Article 7(1) states that ‘The law shall permit a child to be adopted […] by two persons of different sex’ or ‘by one person’. Article 7(2) introduces the following provision: ‘States are free to extend the scope of this Convention to same sex couples who are married to each other or who have entered into a registered partnership together’. European Convention on the Adoption of Children (Revised), Strasbourg, 27.XI.2008.
The significance of the recognition that the Court gives to non-heteronormative family formations in E.B. should not be underestimated. Given that Ms. B. and her partner did not present a joint application to adopt a child as a ‘couple’, the Court can be seen to acknowledge family formations outside of the normative ideal of the monogamous, two-parent family. The judgment suggests that the Court accepts that the demand of non-heterosexuals, to be recognized as capable of establishing families, is one aspect of a plurality of family forms that exist in contemporary societies (Weeks, Heaphy and Donovan 2001).
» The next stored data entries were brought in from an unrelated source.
Definition is_subgrad (f : vec -> R) (p g : vec) : Prop :=
  forall q, simplex q -> f p + dot g (q - p) <= f q.

(* MDP data: P s a s' = P(s'|s,a), c s a, h s p = h^p(s) *)
Variables (P : S -> 'I_n -> S -> R) (c : S -> 'I_n -> R)
          (h : S -> vec -> R) (gamma : R).

Definition Ppi (pi : S -> vec) (s s' : S) : R := \sum_(a < n) pi s 0 a * P s a s'.

Definition rpi (pi : S -> vec) (s : S) : R :=
  \sum_(a < n) pi s 0 a * c s a + h s (pi s).

Fixpoint sdist (pi : S -> vec) (d0 : S -> R) (t : nat) : S -> R :=
  match t with
  | 0 => d0
  | t'.+1 => fun s' => \sum_(s : S) sdist pi d0 t' s * Ppi pi s s'
  end.

Definition dirac (s : S) : S -> R := fun s' => (s' == s)%:R.

Definition Vterm (pi : S -> vec) (s : S) (t : nat) : R :=
  \sum_(s' : S) sdist pi (dirac s) t s' * rpi pi s'.

Definition V (pi : S -> vec) (s : S) : R :=
  limn (fun N => \sum_(0 <= t < N) gamma ^+ t * Vterm pi s t).

Definition Qterm (pi : S -> vec) (s : S) (a : 'I_n) (t : nat) : R :=
  match t with
  | 0 => c s a + h s (pi s)
  | t'.+1 => \sum_(s' : S) sdist pi (P s a) t' s' * rpi pi s'
  end.

Definition Q (pi : S -> vec) (s : S) (a : 'I_n) : R :=
  limn (fun N => \sum_(0 <= t < N) gamma ^+ t * Qterm pi s a t).

Definition Qrow (pi : S -> vec) (s : S) : vec := \row_a Q pi s a.

Definition adv (pi : S -> vec) (s : S) (p : vec) : R :=
  dot (Qrow pi s) p - V pi s + h s p - h s (pi s).

Definition adv_gap (pi : S -> vec) (s : S) : R :=
  sup [set - adv pi s p | p in simplex].

Definition is_optimal (pistar : S -> vec) : Prop :=
  is_policy pistar /\
  forall pi, is_policy pi -> forall s, V pistar s <= V pi s.

Definition pmd_obj (omega : vec -> R) (eta : R) (pi : S -> vec) (s : S) (p : vec) : R :=
  eta * (dot (Qrow pi s) p + h s p) + bregman omega p (pi s).

Definition is_PMD (omega : vec -> R) (eta : nat -> R) (pis : nat -> S -> vec) : Prop :=
  forall t s, simplex (pis t.+1 s) /\
    forall p, simplex p -> pmd_obj omega (eta t) (pis t) s (pis t.+1 s)
                           <= pmd_obj omega (eta t) (pis t) s p.

End MDP.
At the time of writing, the Court already has a case pending (Chapin and Charpentier v. France, no. 40183/07) in which a same-sex couple will challenge the heteronormativity of Article 12. The applicants’ complaint is that their marriage, despite being conducted by the mayor of Bègles (France), was subsequently declared null and void by the domestic courts. E.B. provides the Court with a potentially powerful resource to underpin a ‘creative’ interpretation of Article 12 of the Convention ‘in light of present conditions’.
Considering the impact of the Court’s judgments is, by necessity, speculative since, as Keller and Sweet (2008) argue, there is no causal theory and only sparse empirical data on the impact of the Convention within contracting states.
I have argued elsewhere (Johnson 2010) that the Court’s discourse on homosexuality has established distinct ontological ideas about homosexuality and, as such, contributes to nothing short of the ongoing making of the ‘modern homosexual’.